►

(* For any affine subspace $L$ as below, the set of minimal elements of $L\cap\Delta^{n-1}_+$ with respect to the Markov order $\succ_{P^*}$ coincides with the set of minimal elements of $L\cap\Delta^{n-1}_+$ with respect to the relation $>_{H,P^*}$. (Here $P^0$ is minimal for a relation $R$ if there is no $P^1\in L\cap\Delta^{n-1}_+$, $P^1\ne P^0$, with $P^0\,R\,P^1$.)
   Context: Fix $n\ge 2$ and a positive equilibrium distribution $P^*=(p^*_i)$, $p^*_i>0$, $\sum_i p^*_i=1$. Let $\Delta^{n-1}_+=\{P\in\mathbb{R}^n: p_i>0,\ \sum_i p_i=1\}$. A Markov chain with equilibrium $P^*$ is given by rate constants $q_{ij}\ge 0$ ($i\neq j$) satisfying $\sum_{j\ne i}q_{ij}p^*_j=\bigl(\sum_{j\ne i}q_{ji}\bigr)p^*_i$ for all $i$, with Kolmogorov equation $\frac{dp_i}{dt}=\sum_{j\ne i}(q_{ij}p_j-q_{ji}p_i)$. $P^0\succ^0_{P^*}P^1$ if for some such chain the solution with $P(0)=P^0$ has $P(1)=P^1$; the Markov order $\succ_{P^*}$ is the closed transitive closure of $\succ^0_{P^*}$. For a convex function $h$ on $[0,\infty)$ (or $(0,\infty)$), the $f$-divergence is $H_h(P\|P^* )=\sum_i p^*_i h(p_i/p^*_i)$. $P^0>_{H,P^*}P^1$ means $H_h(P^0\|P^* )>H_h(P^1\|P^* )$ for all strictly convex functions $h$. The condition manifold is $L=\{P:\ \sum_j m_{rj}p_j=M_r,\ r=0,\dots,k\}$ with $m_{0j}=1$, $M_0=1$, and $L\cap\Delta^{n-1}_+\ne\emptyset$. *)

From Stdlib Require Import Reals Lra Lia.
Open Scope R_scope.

◄
►

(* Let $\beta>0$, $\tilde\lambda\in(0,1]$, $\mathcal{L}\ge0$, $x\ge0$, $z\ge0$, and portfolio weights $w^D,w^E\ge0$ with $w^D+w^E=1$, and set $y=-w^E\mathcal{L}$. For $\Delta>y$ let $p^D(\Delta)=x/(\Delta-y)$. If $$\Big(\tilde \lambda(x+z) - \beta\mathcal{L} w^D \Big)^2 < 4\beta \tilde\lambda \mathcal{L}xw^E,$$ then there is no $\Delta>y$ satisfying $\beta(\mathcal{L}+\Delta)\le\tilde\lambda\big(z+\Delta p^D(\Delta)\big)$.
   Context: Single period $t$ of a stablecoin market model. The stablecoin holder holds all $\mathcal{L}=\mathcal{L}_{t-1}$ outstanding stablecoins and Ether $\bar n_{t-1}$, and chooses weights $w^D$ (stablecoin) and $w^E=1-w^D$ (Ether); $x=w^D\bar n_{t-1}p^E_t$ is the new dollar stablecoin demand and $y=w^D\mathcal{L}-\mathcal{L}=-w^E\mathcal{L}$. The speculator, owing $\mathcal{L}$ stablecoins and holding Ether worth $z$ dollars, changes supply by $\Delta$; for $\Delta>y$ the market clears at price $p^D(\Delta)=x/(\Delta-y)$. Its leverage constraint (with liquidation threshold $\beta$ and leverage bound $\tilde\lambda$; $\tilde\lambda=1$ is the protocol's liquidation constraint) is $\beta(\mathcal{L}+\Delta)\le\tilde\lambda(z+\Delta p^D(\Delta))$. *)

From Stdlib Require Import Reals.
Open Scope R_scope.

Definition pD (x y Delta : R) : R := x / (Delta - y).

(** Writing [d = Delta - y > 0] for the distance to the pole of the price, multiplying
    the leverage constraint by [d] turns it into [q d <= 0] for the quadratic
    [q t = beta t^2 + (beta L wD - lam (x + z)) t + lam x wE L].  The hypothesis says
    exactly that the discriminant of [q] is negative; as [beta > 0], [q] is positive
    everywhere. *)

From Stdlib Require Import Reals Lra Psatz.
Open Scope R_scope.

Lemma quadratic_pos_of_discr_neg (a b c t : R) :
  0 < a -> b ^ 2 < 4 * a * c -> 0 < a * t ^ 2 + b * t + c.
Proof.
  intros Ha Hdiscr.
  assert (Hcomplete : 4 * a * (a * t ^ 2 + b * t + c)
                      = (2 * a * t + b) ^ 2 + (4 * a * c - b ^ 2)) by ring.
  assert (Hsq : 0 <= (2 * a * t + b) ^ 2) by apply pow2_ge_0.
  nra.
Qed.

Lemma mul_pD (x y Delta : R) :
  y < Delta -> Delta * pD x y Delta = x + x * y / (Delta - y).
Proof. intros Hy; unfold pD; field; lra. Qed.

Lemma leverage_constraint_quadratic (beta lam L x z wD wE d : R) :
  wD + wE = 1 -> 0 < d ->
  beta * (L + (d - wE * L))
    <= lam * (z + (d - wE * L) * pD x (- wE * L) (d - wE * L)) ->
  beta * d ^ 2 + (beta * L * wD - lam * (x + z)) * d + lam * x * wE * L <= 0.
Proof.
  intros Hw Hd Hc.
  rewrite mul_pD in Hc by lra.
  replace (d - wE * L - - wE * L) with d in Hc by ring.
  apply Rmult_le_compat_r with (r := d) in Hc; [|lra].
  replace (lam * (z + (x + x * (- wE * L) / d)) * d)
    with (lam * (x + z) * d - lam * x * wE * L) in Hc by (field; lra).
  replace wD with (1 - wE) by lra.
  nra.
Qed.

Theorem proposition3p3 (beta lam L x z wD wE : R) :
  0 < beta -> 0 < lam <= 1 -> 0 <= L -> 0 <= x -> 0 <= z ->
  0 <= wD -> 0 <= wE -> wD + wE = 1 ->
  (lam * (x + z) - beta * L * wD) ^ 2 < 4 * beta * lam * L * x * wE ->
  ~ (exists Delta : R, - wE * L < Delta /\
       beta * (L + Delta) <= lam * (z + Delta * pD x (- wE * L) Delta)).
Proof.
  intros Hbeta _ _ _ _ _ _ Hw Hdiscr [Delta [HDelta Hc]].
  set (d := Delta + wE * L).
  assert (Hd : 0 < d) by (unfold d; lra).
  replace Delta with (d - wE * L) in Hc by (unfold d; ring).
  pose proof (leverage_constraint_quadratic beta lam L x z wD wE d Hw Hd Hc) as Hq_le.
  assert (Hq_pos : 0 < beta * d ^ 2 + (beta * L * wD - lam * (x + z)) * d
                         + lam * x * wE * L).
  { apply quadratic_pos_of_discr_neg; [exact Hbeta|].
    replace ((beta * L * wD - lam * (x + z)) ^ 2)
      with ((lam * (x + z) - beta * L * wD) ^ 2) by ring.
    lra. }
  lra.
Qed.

◄

> [INSTRUCTIONS FOR THE TASK]:
Among the records above, which lines hold the word "Hbeta"? Copy each one.

> [TASK ANSWER]:
  intros Hbeta _ _ _ _ _ _ Hw Hdiscr [Delta [HDelta Hc]].
  { apply quadratic_pos_of_discr_neg; [exact Hbeta|].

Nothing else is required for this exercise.